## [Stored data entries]
(* For every integer $T\ge 5$ and every $\sigma\in\mathfrak S_3$, the vector $\sigma c$ with $c=[1,0,0,0,0,0]$ defines a facet of $P^T$.
   Context: For an integer $T\ge 2$, let $\Omega_T$ be the set of words $w=s_1s_2\cdots s_T$ over $\{1,2,3\}$ with $s_l\neq s_{l+1}$ for $l=1,\dots,T-1$. For $w\in\Omega_T$ and an ordered pair $ij$, $i\neq j$, let $x_{ij}(w)$ be the number of indices $1\le l\le T-1$ with $s_ls_{l+1}=ij$. Vectors of $\mathbb R^6$ are indexed in the order $[x_{12},x_{13},x_{21},x_{23},x_{31},x_{32}]$. Let $a_w=[x_{12}(w),\dots,x_{32}(w)]$ and $P^T=\mathrm{conv}\{a_w:w\in\Omega_T\}$ (the convex hull of the columns of the design matrix $A^T$). $\mathfrak S_3$ acts on $\mathbb R^6$ by $(\sigma c)_{ij}=c_{\sigma(i)\sigma(j)}$. A vector $c$ defines a facet of $P^T$ if $c\cdot a_w\ge0$ for all $w\in\Omega_T$ and $\{x\in P^T: c\cdot x=0\}$ is a facet of $P^T$. *)

From HB Require Import structures.
From mathcomp Require Import all_boot all_order all_algebra all_fingroup.
Set Implicit Arguments. Unset Strict Implicit. Unset Printing Implicit Defensive.
Import Order.TTheory GRing.Theory Num.Theory.
Local Open Scope ring_scope.

(* Letters 1,2,3 are encoded as the ordinals 0,1,2 of 'I_3.
   Coordinates of R^6 are encoded as 'I_6 in the order
   [x12, x13, x21, x23, x31, x32]. *)

Definition coord_pairs : seq (nat * nat) :=
  [:: (0,1); (0,2); (1,0); (1,2); (2,0); (2,1)]%N.

Definition pair_of (k : 'I_6) : nat * nat := nth (0,0)%N coord_pairs k.

Definition coord_of (i j : 'I_3) : 'I_6 :=
  inord (index (nat_of_ord i, nat_of_ord j) coord_pairs).

Definition is_word (T : nat) (w : T.-tuple 'I_3) : bool :=
  [forall l : 'I_T.-1, nth ord0 w l != nth ord0 w l.+1].

Definition xcount (T : nat) (w : T.-tuple 'I_3) (k : 'I_6) : nat :=
  \sum_(l < T.-1)
     ((nat_of_ord (nth ord0 w l), nat_of_ord (nth ord0 w l.+1)) == pair_of k)%N.

Definition avec (R : realFieldType) (T : nat) (w : T.-tuple 'I_3) : 'rV[R]_6 :=
  \row_k (xcount w k)%:R.

Definition dotp (R : realFieldType) (c x : 'rV[R]_6) : R :=
  \sum_(k < 6) c 0 k * x 0 k.

(* P^T = conv { a_w : w in Omega_T } *)
Definition PT (R : realFieldType) (T : nat) (x : 'rV[R]_6) : Prop :=
  exists lam : {ffun T.-tuple 'I_3 -> R},
    [/\ forall w, 0 <= lam w,
        forall w, ~~ is_word w -> lam w = 0,
        \sum_w lam w = 1
      & x = \sum_w lam w *: avec R w].

Definition aff_indep (R : realFieldType) (s : seq 'rV[R]_6) : bool :=
  match s with
  | [::] => true
  | p0 :: ps => \rank (\matrix_(i < size ps) (nth 0 ps i - p0)) == size ps
  end.

Definition has_dim (R : realFieldType) (S : 'rV[R]_6 -> Prop) (d : nat) : Prop :=
  (exists s : seq 'rV[R]_6,
      [/\ size s = d.+1, (forall x, x \in s -> S x) & aff_indep s]) /\
  (forall s : seq 'rV[R]_6,
      (forall x, x \in s -> S x) -> aff_indep s -> (size s <= d.+1)%N).

Definition defines_facet (R : realFieldType) (T : nat) (c : 'rV[R]_6) : Prop :=
  (forall w : T.-tuple 'I_3, is_word w -> 0 <= dotp c (avec R w)) /\
  exists d : nat,
    has_dim (@PT R T) d.+1 /\
    has_dim (fun x => @PT R T x /\ dotp c x = 0) d.

Definition sact (R : realFieldType) (s : 'S_3) (c : 'rV[R]_6) : 'rV[R]_6 :=
  \row_k c 0 (coord_of (s (inord (pair_of k).1)) (s (inord (pair_of k).2))).

Definition c0 (R : realFieldType) : 'rV[R]_6 := \row_(k < 6) (k == 0 :> nat)%:R.

From HB Require Import structures.
From mathcomp Require Import all_boot all_order all_algebra all_fingroup.
From mathcomp Require Import zify.
Set Implicit Arguments. Unset Strict Implicit. Unset Printing Implicit Defensive.
Import Order.TTheory GRing.Theory Num.Theory.
Local Open Scope ring_scope.

(* sigma [1,0,0,0,0,0] is the unit vector e_k0 of the coordinate k0 of some
   ordered pair ab; let c be the third letter.  Every a_w lies on the
   hyperplane sum_k x_k = T - 1, and the face lies moreover on x_k0 = 0; hence dim P^T <= 5 and the face has
   dimension <= 4.  Conversely, six words made of a prefix of length four
   (from a fixed table) followed by the alternating tail acac... give six
   affinely independent points of P^T, the first five of which never use the
   transition ab and so lie on the face.  Since the tails agree, the
   differences a_w - a_w' only depend on the prefixes, not on T, and their
   independence is certified once and for all by an explicit integer right
   inverse. *)

Definition pair_fst (k : 'I_6) : 'I_3 := inord (pair_of k).1.
Definition pair_snd (k : 'I_6) : 'I_3 := inord (pair_of k).2.

Lemma pair_fst_neq k : pair_fst k != pair_snd k.
Proof.
by case: k => [[|[|[|[|[|[|//]]]]]] ?]; rewrite /pair_fst /pair_snd -(inj_eq val_inj) /= !inordK.
Qed.

Lemma coord_ofP (u v : 'I_3) k :
  u != v -> (k == coord_of u v) = (pair_fst k == u) && (pair_snd k == v).
Proof.
rewrite /pair_fst /pair_snd /coord_of -!(inj_eq val_inj) /=.
by case: k => [[|[|[|[|[|[|//]]]]]] ?]; case: u => [[|[|[|//]]] ?];
  case: v => [[|[|[|//]]] ?]; rewrite //= !inordK.
Qed.

Lemma sact_c0 (R : realFieldType) (s : 'S_3) :
  sact s (c0 R) = delta_mx 0 (coord_of ((s^-1)%g (pair_fst 0)) ((s^-1)%g (pair_snd 0))).
Proof.
have s_neq (u v : 'I_3) : u != v -> s u != s v by rewrite (inj_eq perm_inj).
have sV_neq (u v : 'I_3) : u != v -> (s^-1)%g u != (s^-1)%g v by rewrite (inj_eq perm_inj).
apply/matrixP => i k; rewrite !mxE ord1 eqxx /=; congr (_%:R).
have eq0E (x : 'I_6) : (x == 0 :> nat) = (0 == x) by rewrite eq_sym.
rewrite -/(pair_fst k) -/(pair_snd k) eq0E.
rewrite !coord_ofP ?s_neq ?sV_neq ?pair_fst_neq //.
by rewrite ![_ == s _]eq_sym !(canF_eq (permK s)).
Qed.

Lemma dotp_delta (R : realFieldType) (k0 : 'I_6) (x : 'rV[R]_6) :
  dotp (delta_mx 0 k0) x = x 0 k0.
Proof.
rewrite /dotp (bigD1 k0) //= mxE !eqxx mul1r big1 ?addr0 // => k nk.
by rewrite mxE (negbTE nk) mul0r.
Qed.

Section AffineDimension.
Variable R : realFieldType.

Lemma aff_indep_rinv n (p0 : 'rV[R]_6) (F : nat -> 'rV[R]_6) (B : 'M[R]_(6, n)) :
  (\matrix_(i < n) (F i - p0)) *m B = 1%:M -> aff_indep (p0 :: mkseq F n).
Proof.
move=> rinv; rewrite /aff_indep; move: (size_mkseq F n); move: (size _) => m ->.
rewrite (_ : \matrix_(i < n) _ = \matrix_(i < n) (F i - p0)); last first.
  by apply/matrixP => i j; rewrite !mxE nth_mkseq.
by apply/row_freeP; exists B.
Qed.

Lemma aff_indep_size_affine r (S : 'rV[R]_6 -> Prop) (V : 'M[R]_(6, r)) (u : 'rV[R]_r)
    (s : seq 'rV[R]_6) :
  (forall x, S x -> x *m V = u) -> row_full V ->
  (forall x, x \in s -> S x) -> aff_indep s -> (size s + r <= 7)%N.
Proof.
move=> SV /eqP rkV; have := rank_leq_row V; rewrite rkV => r_le6.
case: s => [|p0 ps] sS /=; first by move=> _; lia.
move/eqP=> rkM; set M := (X in \rank X) in rkM.
have MV0 : M *m V = 0.
  apply/row_matrixP => i; rewrite row_mul rowK row0 mulmxBl !SV ?subrr //.
    by apply: sS; rewrite inE eqxx.
  by apply: sS; rewrite inE mem_nth ?orbT.
by have := mxrank_mul_min M V; rewrite MV0 mxrank0 rkM rkV; lia.
Qed.
Section Products.
Variable F : fieldType.

Lemma mxprod_cat n (s1 s2 : seq 'M[F]_n) :
  mxprod (s1 ++ s2) = mxprod s1 *m mxprod s2.
Proof. by elim: s1 => [|x s1 IH] /=; rewrite ?mul1mx // IH mulmxA. Qed.

Lemma mxprod_rcons n (s : seq 'M[F]_n) x : mxprod (rcons s x) = mxprod s *m x.
Proof. by rewrite -cats1 mxprod_cat /= mulmx1. Qed.

Lemma mxprod_nseq1 n k : mxprod (nseq k (1%:M : 'M[F]_n)) = 1%:M.
Proof. by elim: k => //= k ->; rewrite mulmx1. Qed.

Lemma trmx_mxprod n (s : seq 'M[F]_n) : (mxprod s)^T = mxprod (rev (map trmx s)).
Proof.
by elim: s => [|x s IH] /=; rewrite ?trmx1 // trmx_mul IH rev_cons mxprod_rcons.
Qed.

Lemma invmxM n (x y : 'M[F]_n) : x \in unitmx -> y \in unitmx ->
  invmx (x *m y) = invmx y *m invmx x.
Proof.
move=> x_unit y_unit; have xy_unit : x *m y \in unitmx by rewrite unitmx_mul x_unit.
rewrite -[LHS]mulmx1; apply: canLR (mulKmx xy_unit) _.
by rewrite -mulmxA (mulmxA y) mulmxV // mul1mx mulmxV.
Qed.

Lemma unitmx_mxprod n (s : seq 'M[F]_n) : all [in unitmx] s -> mxprod s \in unitmx.
Proof.
by elim: s => [|x s IH] /=; rewrite ?unitmx1 // => /andP[? ?]; rewrite unitmx_mul IH ?andbT.
Qed.

Lemma invmx_mxprod n (s : seq 'M[F]_n) : all [in unitmx] s ->
  invmx (mxprod s) = mxprod (rev (map invmx s)).
Proof.
elim: s => [|x s IH] /=; first by rewrite invmx1.
case/andP=> x_unit s_unit.
by rewrite rev_cons mxprod_rcons -IH // invmxM // unitmx_mxprod.
Qed.

End Products.

Lemma generates_SL_trmx (F : finFieldType) n (X : {set 'M[F]_n}) :
  generates_SL X -> generates_SL [set y | y^T \in X].
Proof.
move=> genX g det_g; have /genX[s [Xs gE]] : \det g^T = 1 by rewrite det_tr.
exists (rev (map trmx s)); split; last by rewrite -trmx_mxprod -gE trmxK.
by rewrite all_rev all_map; apply: sub_all Xs => x Xx; rewrite /= inE trmxK.
Qed.

Section WordSpans.
Variables (F : finFieldType) (n : nat) (Y : {set 'M[F]_n}).
Hypotheses (Y1 : 1%:M \in Y) (genY : generates_SL Y).

Definition words_span k (u : 'rV[F]_n) :=
  (\sum_(s : k.-tuple 'M[F]_n | all [in Y] s) <<u *m mxprod s>>)%MS.

Lemma words_span_sup k u (s : k.-tuple 'M[F]_n) :
  all [in Y] s -> (u *m mxprod s <= words_span k u)%MS.
Proof. by move=> Ys; apply: (sumsmx_sup s) => //; rewrite genmxE. Qed.

Lemma words_span_mono k u : (words_span k u <= words_span k.+1 u)%MS.
Proof.
apply/sumsmx_subP => s Ys; rewrite genmxE.
have := @words_span_sup k.+1 u [tuple of 1%:M :: s].
by rewrite /= mul1mx Y1 Ys; apply.
Qed.

Lemma words_span_mulmx k u y : y \in Y -> (words_span k u *m y <= words_span k.+1 u)%MS.
Proof.
move=> Yy; rewrite sumsmxMr; apply/sumsmx_subP => s Ys.
rewrite (eqmxMr _ (genmxE _)) -mulmxA -mxprod_rcons.
have := @words_span_sup k.+1 u [tuple of rcons s y].
by rewrite /= all_rcons Yy Ys; apply.
Qed.

Lemma words_span_neq0 k u : u != 0 -> words_span k u != 0.
Proof.
apply: contraNneq => span0; have := @words_span_sup k u [tuple of nseq k 1%:M].
by rewrite /= all_nseq Y1 orbT mxprod_nseq1 mulmx1 span0 submx0; apply.
Qed.

Lemma words_span_stable_row_full k u : u != 0 ->
  (words_span k.+1 u <= words_span k u)%MS -> row_full (words_span k u).
Proof.
move=> u_neq0 span_stable; apply: (SL_stable_row_full _ (words_span_neq0 k u_neq0)).
move=> g /genY[s [Ys ->]]; elim: s Ys => [|y s IH] /=; first by rewrite mulmx1.
case/andP=> Yy Ys; rewrite mulmxA.
exact: submx_trans (submxMr _ (submx_trans (words_span_mulmx k u Yy) span_stable)) (IH Ys).
Qed.

Lemma words_span_rank k u : u != 0 -> (minn k.+1 n <= \rank (words_span k u))%N.
Proof.
move=> u_neq0; elim: k => [|k IH].
  by rewrite (leq_trans (geq_minl _ _)) // lt0n mxrank_eq0 words_span_neq0.
have [span_stable|span_grows] := boolP (words_span k.+1 u <= words_span k u)%MS.
  have /eqP full := words_span_stable_row_full u_neq0 span_stable.
  have := mxrankS (words_span_mono k u); rewrite full; lia.
have := ltn_leqif (mxrank_leqif_sup (words_span_mono k u)).
rewrite (negPf span_grows) => lt_rank; lia.
Qed.

Lemma words_span_row_full k u : u != 0 -> (n <= k.+1)%N -> row_full (words_span k u).
Proof.
move=> u_neq0 le_nk; rewrite /row_full eqn_leq rank_leq_col /=.
by have := words_span_rank k u_neq0; rewrite (minn_idPr le_nk).
Qed.

End WordSpans.

Section Transvections.
Variables (F : fieldType) (n : nat).
Implicit Types (g w : 'M[F]_n) (a c : 'cV[F]_n) (b e : 'rV[F]_n).

Lemma col_row_eq_scalel a b c e : a *m b = c *m e -> b != 0 -> exists l, a = l *: c.
Proof.
move=> abE /rV0Pn[j bj_neq0]; exists (e 0 j / b 0 j).
apply/matrixP => i k; rewrite ord1 mxE.
have := congr1 (fun M : 'M[F]_n => M i j) abE; rewrite !mxE !big_ord1 => aibj.
by rewrite -(mulfK bj_neq0 (a i 0)) aibj [RHS]mulrC mulrA.
Qed.

Lemma col_row_eq_scaler a b c e : a *m b = c *m e -> a != 0 -> exists l, b = l *: e.
Proof.
move=> abE a_neq0; have abE' : b^T *m a^T = e^T *m c^T by rewrite -!trmx_mul abE.
have [|l bE] := col_row_eq_scalel abE'; first by rewrite trmx_eq0.
by exists l; rewrite -[b]trmxK bE linearZ /= trmxK.
Qed.

Lemma transv_decomp_neq1 g a b : transv_decomp g a b -> g != 1%:M.
Proof.
case=> a_neq0 b_neq0 _ ->; rewrite -subr_eq0 addrC addKr.
apply: contra b_neq0 => /eqP ab0.
have [|l ->] := @col_row_eq_scaler a b a 0 _ a_neq0; last by rewrite scaler0.
by rewrite ab0 mulmx0.
Qed.

Lemma transv_decomp_scale g a b c e :
  transv_decomp g a b -> transv_decomp g c e ->
  (exists l, a = l *: c) /\ (exists l, b = l *: e).
Proof.
case=> a_neq0 b_neq0 _ -> [_ _ _ /addrI abE].
by split; [apply: col_row_eq_scalel abE b_neq0 | apply: col_row_eq_scaler abE a_neq0].
Qed.

Lemma transv_decomp_conj w g a b : w \in unitmx -> transv_decomp g a b ->
  transv_decomp (w *m g *m invmx w) (w *m a) (b *m invmx w).
Proof.
move=> w_unit [a_neq0 b_neq0 ba0 ->]; split.
- by apply: contraNneq a_neq0 => /(congr1 (mulmx (invmx w))); rewrite mulKmx // mulmx0 => ->.
- by apply: contraNneq b_neq0 => /(congr1 (mulmx^~ w)); rewrite mulmxKV // mul0mx => ->.
- by rewrite mulmxA mulmxKV // ba0 mul0mx.
- by rewrite mulmxDr mulmx1 mulmxDl mulmxV // !mulmxA.
Qed.

End Transvections.

Section SpanningFamilies.
Variables (F : fieldType) (I : finType) (P : pred I) (n : nat).

Lemma row_full_sums_trmx (v : I -> 'cV[F]_n) :
  row_full (\sum_(i | P i) <<(v i)^T>>)%MS ->
  forall x, exists c : I -> F, x = \sum_(i | P i) c i *: v i.
Proof.
move=> full x; have /sub_sums_genmxP[c xE] := submx_full x^T full.
exists (fun i => c i 0 0); rewrite -[x]trmxK xE linear_sum; apply: eq_bigr => i _.
by rewrite /= trmx_mul trmxK {1}[c i]mx11_scalar tr_scalar_mx mul_mx_scalar.
Qed.

Lemma row_full_sums_mul_neq0 (A : I -> 'rV[F]_n) (v : 'cV[F]_n) :
  row_full (\sum_(i | P i) <<A i>>)%MS -> v != 0 -> exists2 i, P i & A i *m v != 0.
Proof.
move=> full v_neq0.
have [/existsP[i /andP[Pi Aiv]]|/existsPn none] := boolP [exists i, P i && (A i *m v != 0)].
  by exists i.
case/negP: v_neq0; have : (\sum_(i | P i) <<A i>> <= kermx v)%MS.
  by apply/sumsmx_subP => i Pi; rewrite genmxE sub_kermx; have := none i; rewrite Pi negbK.
by move/(submx_trans (submx_full 1%:M full)); rewrite sub_kermx mul1mx.
Qed.

End SpanningFamilies.

Section DirectedCycles.
Variable T : finType.
Local Open Scope nat_scope.

Lemma orbit_periodic (f : T -> T) x : exists k, fcycle f (orbit f (iter k f x)).
Proof.
have /trajectP[j lt_jm jE] := looping_order f x.
exists (order f x); apply/(orbitPcycle 0 3); exists (order f x - j).-1.
by rewrite prednK ?subn_gt0 // {1}jE -iterD subnK // ltnW.
Qed.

## [Problem description]
There is a run of lines above from the one with "((nat_of_ord (nth ord0" to the one with "forall w, ~~"; print exactly that run, both ends included, and nothing else.

## [Output of the task]
     ((nat_of_ord (nth ord0 w l), nat_of_ord (nth ord0 w l.+1)) == pair_of k)%N.

Definition avec (R : realFieldType) (T : nat) (w : T.-tuple 'I_3) : 'rV[R]_6 :=
  \row_k (xcount w k)%:R.

Definition dotp (R : realFieldType) (c x : 'rV[R]_6) : R :=
  \sum_(k < 6) c 0 k * x 0 k.

(* P^T = conv { a_w : w in Omega_T } *)
Definition PT (R : realFieldType) (T : nat) (x : 'rV[R]_6) : Prop :=
  exists lam : {ffun T.-tuple 'I_3 -> R},
    [/\ forall w, 0 <= lam w,
        forall w, ~~ is_word w -> lam w = 0,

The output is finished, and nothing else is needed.